# Two year plan



## BritishGav (Jan 26, 2010)

So following on from my pervious thread where we essentially realised that gaining residency through marriage to an American was the only realistic way forward......

The girlfriend and I decided on something of a two year plan, we want to be in a position to get the ball rolling by December 2011, applying at that point and getting over as soon as I can.

A first step towards this is that we're now engaged

Now the thing is from what I hear the Fiancee Visa is really slow and expensive to sort out, so is the spouce one that much different. And where do we stand with that, would we have to get married in America or in England. And then apply afterwards?

And isn't it possible if you get married out there to just stay and process all the legal stuff from there?


----------



## BritishGav (Jan 26, 2010)

...so many helpful replies, lol

Fortunately I have been able to answer all my questions and the two year time scale does seem a bit long. I'm currently in California and having completed all the paperwork required to file my I-129F will be doing so once I leave the country. Would hope to have the visa by next spring and be moving by June 2011.

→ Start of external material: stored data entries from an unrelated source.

(* Assume that for every $y\in\mathcal Y$ the map $u\mapsto\ell(y,u)$ is convex and $\rho$-Lipschitz continuous for some constant $\rho\in(0,\infty)$, and that for every $y\in\mathcal Y$ the map $u\mapsto s(y,u)$ is $\gamma$-Lipschitz continuous for some constant $\gamma\in(0,\infty)$. Then for every $y\in\mathcal Y$, $$|S_{\lambda;D^y}(X_i,Y_i)-\tilde S_{\lambda;D^y}(X_i,Y_i)|\le\tau^{(0)}_{\lambda;i}\ \ (1\le i\le n),\qquad |S_{\lambda;D^y}(X_{n+1},y)-\tilde S_{\lambda;D^y}(X_{n+1},y)|\le\tau^{(0)}_{\lambda;n+1},$$ where for every $i\in\{1,\dots,n+1\}$, $\tau^{(0)}_{\lambda;i}=\sqrt{K_{i,i}}\sqrt{K_{n+1,n+1}}\,\frac{\gamma\rho}{\lambda(n+1)}$.
   Context: Let $\mathcal X\subset\mathbb R^d$, $\mathcal Y\subset\mathbb R$, $D=\{(X_1,Y_1),\dots,(X_n,Y_n)\}$ i.i.d. with distribution $P$ on $\mathcal X\times\mathcal Y$, and $(X_{n+1},Y_{n+1})\sim P$ independent of $D$. For $y\in\mathcal Y$, $D^y=D\cup\{(X_{n+1},y)\}$. Let $\mathcal H$ be a reproducing kernel Hilbert space of functions $\mathcal X\to\mathbb R$ with kernel $\kappa_{\mathcal H}$, norm $\|\cdot\|_{\mathcal H}$, and let $K=(\kappa_{\mathcal H}(X_i,X_j))_{1\le i,j\le n+1}$ be the Gram matrix, with diagonal entries $K_{i,i}=\kappa_{\mathcal H}(X_i,X_i)$. Let $\ell:\mathcal Y\times\mathcal Y\to\mathbb R$ be a loss and $\lambda>0$. For $y\in\mathcal Y$, $\hat f_{\lambda;D^y}$ denotes the minimizer over $f\in\mathcal H$ of $\frac{1}{n+1}\sum_{(x,y')\in D^y}\ell(y',f(x))+\lambda\|f\|_{\mathcal H}^2$. Given a non-conformity function $s:\mathcal Y\times\mathcal Y\to\mathbb R_+$, the scores are $S_{\lambda;D^y}(X_i,Y_i)=s(Y_i,\hat f_{\lambda;D^y}(X_i))$ for $i\le n$ and $S_{\lambda;D^y}(X_{n+1},y)=s(y,\hat f_{\lambda;D^y}(X_{n+1}))$. Fix $z\in\mathcal Y$; the approximate scores are $\tilde S_{\lambda;D^y}(X_i,Y_i)=s(Y_i,\hat f_{\lambda;D^z}(X_i))$ for $i\le n$ and $\tilde S_{\lambda;D^y}(X_{n+1},y)=s(y,\hat f_{\lambda;D^z}(X_{n+1}))$. *)

From mathcomp Require Import all_boot all_order all_algebra.
From mathcomp Require Import reals.
Set Implicit Arguments. Unset Strict Implicit. Unset Printing Implicit Defensive.
Import Order.TTheory GRing.Theory Num.Theory.
Local Open Scope ring_scope.

Section RKHS.
Variables (R : realType) (T : Type) (H : lmodType R).

Definition ip_norm (ip : H -> H -> R) (f : H) : R := Num.sqrt (ip f f).

Definition is_hilbert (ip : H -> H -> R) : Prop :=
  [/\ (forall a f g h, ip (a *: f + g) h = a * ip f h + ip g h),
      (forall f g, ip f g = ip g f),
      (forall f, 0 <= ip f f),
      (forall f, ip f f = 0 -> f = 0) &
      (forall u : nat -> H,
         (forall e : R, 0 < e -> exists N : nat, forall m k : nat,
             (N <= m)%N -> (N <= k)%N -> ip_norm ip (u m - u k) < e) ->
         exists l : H, forall e : R, 0 < e -> exists N : nat, forall m : nat,
             (N <= m)%N -> ip_norm ip (u m - l) < e)].

(* H is a reproducing kernel Hilbert space of functions T -> R:
   ev f is the function represented by f (evaluation map, injective so that
   H is a space of functions), and kfeat x = kappa(x, .) is the representer of
   evaluation at x (reproducing property). *)
Definition is_RKHS (ip : H -> H -> R) (ev : H -> T -> R) (kfeat : T -> H) : Prop :=
  [/\ is_hilbert ip,
      (forall f g, (forall x, ev f x = ev g x) -> f = g) &
      (forall f x, ev f x = ip f (kfeat x))].

Definition rkernel (ip : H -> H -> R) (kfeat : T -> H) (x x' : T) : R :=
  ip (kfeat x) (kfeat x').

End RKHS.

(* Gram matrix K = (kappa(X_i, X_j))_{1 <= i,j <= n+1}, indices 'I_n.+1,
   ord_max being the index n+1. *)
Definition gram (R : realType) (T : Type) (H : lmodType R)
  (ip : H -> H -> R) (kfeat : T -> H) (n : nat) (Xs : 'I_n.+1 -> T)
  : 'M[R]_n.+1 := \matrix_(i, j) rkernel ip kfeat (Xs i) (Xs j).

(* labels of the augmented data set D^w: Y_i for i <= n, w for index n+1 *)
Definition aug_labels (R : realType) (n : nat) (Ys : 'I_n -> R) (w : R)
  (i : 'I_n.+1) : R := oapp Ys w (unlift ord_max i).

Definition reg_risk (R : realType) (T : Type) (H : lmodType R)
  (ip : H -> H -> R) (ev : H -> T -> R) (l : R -> R -> R) (lambda : R)
  (n : nat) (Xs : 'I_n.+1 -> T) (Ys : 'I_n -> R) (w : R) (f : H) : R :=
  (n.+1%:R)^-1 * (\sum_(i < n.+1) l (aug_labels Ys w i) (ev f (Xs i)))
  + lambda * (ip_norm ip f) ^+ 2.

(* The regularized risk is a convex data term plus lambda ||f||^2, hence
   lambda-strongly convex, so its minimizer f_w satisfies
   lambda ||g - f_w||^2 <= risk_w g - risk_w f_w.  Applying this to f_y and f_z
   and adding, only the losses at the last point X_{n+1} survive, since the two
   risks differ only there; the rho-Lipschitz loss, the reproducing property and
   Cauchy-Schwarz then give
   2 lambda ||f_y - f_z||^2 <= 2 rho / (n+1) * ||f_y - f_z|| * sqrt K_{n+1,n+1}.
   Hence ||f_y - f_z|| <= rho sqrt K_{n+1,n+1} / (lambda (n+1)), and a
   gamma-Lipschitz score moves at X_i by at most gamma ||f_y - f_z|| sqrt K_{i,i}. *)

From mathcomp Require Import all_boot all_order all_algebra.
From mathcomp Require Import reals ring lra.
Set Implicit Arguments. Unset Strict Implicit. Unset Printing Implicit Defensive.
Import Order.TTheory GRing.Theory Num.Theory.
Local Open Scope ring_scope.

Lemma ler_of_onem_mul_le (R : realFieldType) (A B : R) :
  0 <= B -> (forall t, 0 < t <= 1 -> (1 - t) * B <= A) -> B <= A.
Proof.
move=> B_ge0 onem_le; apply/ler_addgt0Pr => e e_gt0.
have Be_gt0 : 0 < B + e by lra.
have t01 : 0 < e / (B + e) <= 1.
  by rewrite divr_gt0 // ler_pdivrMr // mul1r; lra.
have := onem_le _ t01.
have -> : (1 - e / (B + e)) * B = B - e + e ^+ 2 / (B + e) by field; lra.
have : 0 <= e ^+ 2 / (B + e) by rewrite divr_ge0 ?sqr_ge0 ?ltW.
lra.
Qed.

Section InnerProduct.
Variables (R : realType) (H : lmodType R) (ip : H -> H -> R).
Hypothesis ipDZl : forall a f g h, ip (a *: f + g) h = a * ip f h + ip g h.
Hypothesis ipC : forall f g, ip f g = ip g f.
Hypothesis ip_ge0 : forall f, 0 <= ip f f.
Hypothesis ip_eq0 : forall f, ip f f = 0 -> f = 0.

Lemma ip0l h : ip 0 h = 0.
Proof.
have := ipDZl 1 0 0 h; rewrite scaler0 addr0 mul1r => /esym idem.
by apply: (@addrI _ (ip 0 h)); rewrite addr0.
Qed.

Lemma ipZl a f h : ip (a *: f) h = a * ip f h.
Proof. by have := ipDZl a f 0 h; rewrite !addr0 ip0l addr0. Qed.

Lemma ipDl f g h : ip (f + g) h = ip f h + ip g h.
Proof. by have := ipDZl 1 f g h; rewrite scale1r mul1r. Qed.

Lemma ipBl f g h : ip (f - g) h = ip f h - ip g h.
Proof. by rewrite ipDl -scaleN1r ipZl mulN1r. Qed.

Lemma ipZr a f h : ip h (a *: f) = a * ip h f.
Proof. by rewrite ipC ipZl ipC. Qed.

Lemma ipDr f g h : ip h (f + g) = ip h f + ip h g.
Proof. by rewrite ipC ipDl !(ipC h). Qed.

Lemma ipBr f g h : ip h (f - g) = ip h f - ip h g.
Proof. by rewrite ipC ipBl !(ipC h). Qed.

Lemma ip_distC f g : ip (f - g) (f - g) = ip (g - f) (g - f).
Proof.
by rewrite -[g - f]opprB -[- (f - g)]scaleN1r ipZl ipZr mulrA mulN1r opprK mul1r.
Qed.

Lemma ip_normE f : ip_norm ip f ^+ 2 = ip f f.
Proof. exact: sqr_sqrtr. Qed.

Lemma ip_norm_ge0 f : 0 <= ip_norm ip f.
Proof. exact: sqrtr_ge0. Qed.

Lemma ip_convex_comb t f g :
  ip (t *: f + (1 - t) *: g) (t *: f + (1 - t) *: g)
  = t * ip f f + (1 - t) * ip g g - t * (1 - t) * ip (f - g) (f - g).
Proof. rewrite ipBl !ipBr ipDl !ipDr !ipZl !ipZr (ipC g f); ring. Qed.

Lemma ip_cauchy_schwarz f g : `|ip f g| <= ip_norm ip f * ip_norm ip g.
Proof.
have [g0 | gn0] := eqVneq (ip g g) 0.
  by rewrite (ip_eq0 g0) ipC ip0l normr0 mulr_ge0 ?ip_norm_ge0.
have g_gt0 : 0 < ip g g by rewrite lt_def gn0 ip_ge0.
set a := ip f f; set b := ip f g; set c := ip g g.
have proj_ge0 : 0 <= a - b ^+ 2 / c.
  rewrite (_ : _ - _ = ip (f - (b / c) *: g) (f - (b / c) *: g)) ?ip_ge0 //.
  rewrite ipBl !ipBr !ipZl !ipZr (ipC g f) -/a -/b -/c.
  by field; rewrite lt0r_neq0.
have le_b2 : b ^+ 2 <= a * c by rewrite -ler_pdivrMr //; lra.
by rewrite -sqrtr_sqr -sqrtrM ?ip_ge0 // ler_wsqrtr.
Qed.

Lemma ip_strong_convexity (L : H -> R) lam t f g :
  L (t *: f + (1 - t) *: g) <= t * L f + (1 - t) * L g ->
  L (t *: f + (1 - t) *: g) + lam * ip (t *: f + (1 - t) *: g) (t *: f + (1 - t) *: g)
  <= t * (L f + lam * ip f f) + (1 - t) * (L g + lam * ip g g)
     - lam * (t * (1 - t) * ip (f - g) (f - g)).
Proof. by rewrite ip_convex_comb; lra. Qed.

Lemma optimality_gap_ge (F : H -> R) lam fw g :
  0 <= lam ->
  (forall t, 0 < t <= 1 -> F (t *: g + (1 - t) *: fw)
     <= t * F g + (1 - t) * F fw - lam * (t * (1 - t) * ip (g - fw) (g - fw))) ->
  (forall h, F fw <= F h) ->
  lam * ip (g - fw) (g - fw) <= F g - F fw.
Proof.
move=> lam_ge0 F_segment fw_min.
apply: ler_of_onem_mul_le => [|t t01]; first by rewrite mulr_ge0.
(* compare fw with the point at parameter t on the segment to g, then let t -> 0 *)
have le_comb := le_trans (fw_min _) (F_segment t t01).
case/andP: t01 => t_gt0 _.
rewrite -(ler_pM2l t_gt0); nra.
Qed.

End InnerProduct.

Definition convex_fun (R : realType) (g : R -> R) :=
  forall a b t, 0 <= t <= 1 -> g (t * a + (1 - t) * b) <= t * g a + (1 - t) * g b.

Definition lipschitz (R : realType) (k : R) (g : R -> R) :=
  forall a b, `|g a - g b| <= k * `|a - b|.

Lemma aug_labels_widen (R : realType) n (Ys : 'I_n -> R) w (i : 'I_n) :
  aug_labels Ys w (widen_ord (leqnSn n) i) = Ys i.
Proof.
have -> : widen_ord (leqnSn n) i = lift ord_max i by apply: ord_inj; rewrite lift_max.
by rewrite /aug_labels liftK.
Qed.

Lemma aug_labels_max (R : realType) n (Ys : 'I_n -> R) w : aug_labels Ys w ord_max = w.
Proof. by rewrite /aug_labels unlift_none. Qed.

Lemma reg_risk_labelB (R : realType) T (H : lmodType R) (ip : H -> H -> R) ev l lambda
    n (Xs : 'I_n.+1 -> T) Ys w w' f :
  reg_risk ip ev l lambda Xs Ys w f - reg_risk ip ev l lambda Xs Ys w' f
  = (n.+1%:R)^-1 * (l w (ev f (Xs ord_max)) - l w' (ev f (Xs ord_max))).
Proof.
rewrite /reg_risk !big_ord_recr /= !aug_labels_max.
under eq_bigr do rewrite aug_labels_widen.
under [X in _ - (_ * (X + _) + _)]eq_bigr do rewrite aug_labels_widen.
ring.
Qed.

Section RKHS.
Variables (R : realType) (T : Type) (H : lmodType R).
Variables (ip : H -> H -> R) (ev : H -> T -> R) (kfeat : T -> H).
Hypothesis HR : is_RKHS ip ev kfeat.
Variables (n : nat) (Xs : 'I_n.+1 -> T) (Ys : 'I_n -> R) (l : R -> R -> R) (lambda : R).

Local Notation risk := (reg_risk ip ev l lambda Xs Ys).

Lemma ev_dist_le f g x :
  `|ev f x - ev g x| <= ip_norm ip (f - g) * Num.sqrt (rkernel ip kfeat x x).
Proof.
have [[ipDZl ipC ip_ge0 ip_eq0 _] _ evE] := HR.
by rewrite !evE -ipBl //; apply: ip_cauchy_schwarz.
Qed.

Lemma reg_risk_optimality_gap w fw g :
  0 <= lambda -> (forall i, convex_fun (l (aug_labels Ys w i))) ->
  (forall h, risk w fw <= risk w h) ->
  lambda * ip (g - fw) (g - fw) <= risk w g - risk w fw.
Proof.
have [[ipDZl ipC ip_ge0 _ _] _ evE] := HR.
move=> lambda_ge0 l_convex fw_min; apply: optimality_gap_ge => // t /andP[t_gt0 t_le1].
rewrite /reg_risk !ip_normE //.
apply: (ip_strong_convexity ipDZl ipC (L :=
  (fun f => n.+1%:R^-1 * \sum_(i < n.+1) l (aug_labels Ys w i) (ev f (Xs i))))).
rewrite mulrCA [(1 - t) * _]mulrCA -mulrDr ler_wpM2l ?invr_ge0 //.
rewrite !mulr_sumr -big_split ler_sum // => i _.
by rewrite evE ipDl // !ipZl // -!evE; apply: l_convex; lra.
Qed.

Lemma reg_risk_minimizer_stable rho y z fy fz :
  0 < lambda -> 0 <= rho ->
  (forall i, convex_fun (l (aug_labels Ys y i))) ->
  (forall i, convex_fun (l (aug_labels Ys z i))) ->
  lipschitz rho (l y) -> lipschitz rho (l z) ->
  (forall h, risk y fy <= risk y h) -> (forall h, risk z fz <= risk z h) ->
  ip_norm ip (fy - fz)
  <= (n.+1%:R)^-1 * rho * Num.sqrt (rkernel ip kfeat (Xs ord_max) (Xs ord_max)) / lambda.
Proof.
have [[ipDZl ipC ip_ge0 _ _] _ _] := HR.
move=> lambda_gt0 rho_ge0 y_convex z_convex y_lip z_lip fy_min fz_min.
set x := Xs ord_max; set k := Num.sqrt _; set c := (n.+1%:R)^-1.
set N := ip_norm ip (fy - fz).
have gap_y := reg_risk_optimality_gap fz (ltW lambda_gt0) y_convex fy_min.
have gap_z := reg_risk_optimality_gap fy (ltW lambda_gt0) z_convex fz_min.
rewrite ip_distC // -ip_normE // -/N in gap_y; rewrite -ip_normE // -/N in gap_z.
set a := ev fz x; set b := ev fy x.
have shift_fz : risk y fz - risk z fz = c * (l y a - l z a) 
  by apply: reg_risk_labelB.
have shift_fy : risk y fy - risk z fy = c * (l y b - l z b) 
  by apply: reg_risk_labelB.
have lip_sum : (l y a - l y b) + (l z b - l z a) <= 2 * rho * (N * k).
  have ev_le : `|b - a| <= N * k by apply: ev_dist_le.
  have := ler_wpM2l rho_ge0 ev_le.
  have := le_trans (ler_norm _) (y_lip a b); have := le_trans (ler_norm _) (z_lip b a).
  rewrite (distrC a b); lra.
have c_gt0 : 0 < c by rewrite invr_gt0 ltr0n.
have c_lip_sum := ler_wpM2l (ltW c_gt0) lip_sum.
have N_ge0 : 0 <= N := ip_norm_ge0 _ _.
have k_ge0 : 0 <= k := sqrtr_ge0 _.
have sq_le : lambda * N ^+ 2 <= c * rho * k * N by lra.
rewrite ler_pdivlMr //.
have [-> | N_neq0] := eqVneq N 0.
  by rewrite mul0r !mulr_ge0 // ltW.
have N_gt0 : 0 < N by rewrite lt_def N_neq0.
by rewrite mulrC -(ler_pM2r N_gt0); lra.
Qed.

End RKHS.

Theorem theorem8 (R : realType) (d n : nat)
  (Xset : 'rV[R]_d -> Prop) (Yset : R -> Prop)
  (H : lmodType R) (ip : H -> H -> R)
  (ev : H -> {x : 'rV[R]_d | Xset x} -> R) (kfeat : {x : 'rV[R]_d | Xset x} -> H)
  (HRKHS : is_RKHS ip ev kfeat)
  (Xs : 'I_n.+1 -> {x : 'rV[R]_d | Xset x}) (Ys : 'I_n -> R)
  (HYs : forall i, Yset (Ys i))
  (l : R -> R -> R) (s : R -> R -> R) (lambda rho gamma : R)
  (Hlambda : 0 < lambda) (Hrho : 0 < rho) (Hgamma : 0 < gamma)
  (Hl_convex : forall y, Yset y -> forall (a b t : R), 0 <= t <= 1 ->
      l y (t * a + (1 - t) * b) <= t * l y a + (1 - t) * l y b)
  (Hl_lip : forall y, Yset y -> forall a b : R, `|l y a - l y b| <= rho * `|a - b|)
  (Hs_nonneg : forall y u, Yset y -> 0 <= s y u)
  (Hs_lip : forall y, Yset y -> forall a b : R, `|s y a - s y b| <= gamma * `|a - b|)
  (fhat : R -> H)
  (Hfhat : forall w, Yset w -> forall g : H,
      reg_risk ip ev l lambda Xs Ys w (fhat w) <= reg_risk ip ev l lambda Xs Ys w g)
  (z : R) (Hz : Yset z) :
  let K := gram ip kfeat Xs in
  let tau0 := fun i : 'I_n.+1 =>
    Num.sqrt (K i i) * Num.sqrt (K ord_max ord_max) * (gamma * rho / (lambda * n.+1%:R)) in
  forall y, Yset y ->
    (forall i : 'I_n,
       `|s (Ys i) (ev (fhat y) (Xs (widen_ord (leqnSn n) i)))
         - s (Ys i) (ev (fhat z) (Xs (widen_ord (leqnSn n) i)))|
       <= tau0 (widen_ord (leqnSn n) i)) /\
    `|s y (ev (fhat y) (Xs ord_max)) - s y (ev (fhat z) (Xs ord_max))| <= tau0 ord_max.
Proof.
move=> K tau0 y Hy.
have label_convex w : Yset w -> forall i, convex_fun (l (aug_labels Ys w i)).
  move=> Hw i; apply: Hl_convex; rewrite /aug_labels.
  by case: unlift => [k|] /=; [apply: HYs | apply: Hw].
have stable := reg_risk_minimizer_stable HRKHS Hlambda (ltW Hrho)
  (label_convex y Hy) (label_convex z Hz) (Hl_lip y Hy) (Hl_lip z Hz) (Hfhat y Hy) (Hfhat z Hz).
have score_le w : Yset w -> forall j,
    `|s w (ev (fhat y) (Xs j)) - s w (ev (fhat z) (Xs j))| <= tau0 j.
  move=> Hw j; apply: le_trans (Hs_lip w Hw _ _) _.
  have ev_le := ev_dist_le HRKHS (fhat y) (fhat z) (Xs j).
  set kj := Num.sqrt _ in ev_le; set bound := _ / lambda in stable.
  have -> : tau0 j = gamma * (bound * kj).
    rewrite /tau0 /K /gram !mxE /bound /kj.
    by field; rewrite lt0r_neq0 //= addrC natr1 pnatr_eq0.
  rewrite ler_wpM2l ?(ltW Hgamma) //.
  exact: le_trans ev_le (ler_wpM2r (sqrtr_ge0 _) stable).
by split => [i|]; apply: score_le.
Qed.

It's really at that point I expect the hard part to begin.

Getting a job
Sorting out a credit history
Dealing will the culture shock
And also the terrible heat in this part of California, been suffering with dehydration while I have been out here this time, and it's a 'mild summer'


----------



## twostep (Apr 3, 2008)

BritishGav said:


> ...so many helpful replies, lol
> 
> Fortunately I have been able to answer all my questions and the two year time scale does seem a bit long. I'm currently in California and having completed all the paperwork required to file my I-129F will be doing so once I leave the country. Would hope to have the visa by next spring and be moving by June 2011.
> 
> ...


Work on a resume and cover letter. Send it to me by PM.
Credit history as the word history indicates will take time.
What culture?
Come to The South if you want 100-110F and 95-98% humidity - CA is cozy:>) 
Dehydration is your own fault - do like the natives and drag your sippy bottle around with you.


----------



## BritishGav (Jan 26, 2010)

After a minor cashflow problem has been sorted out.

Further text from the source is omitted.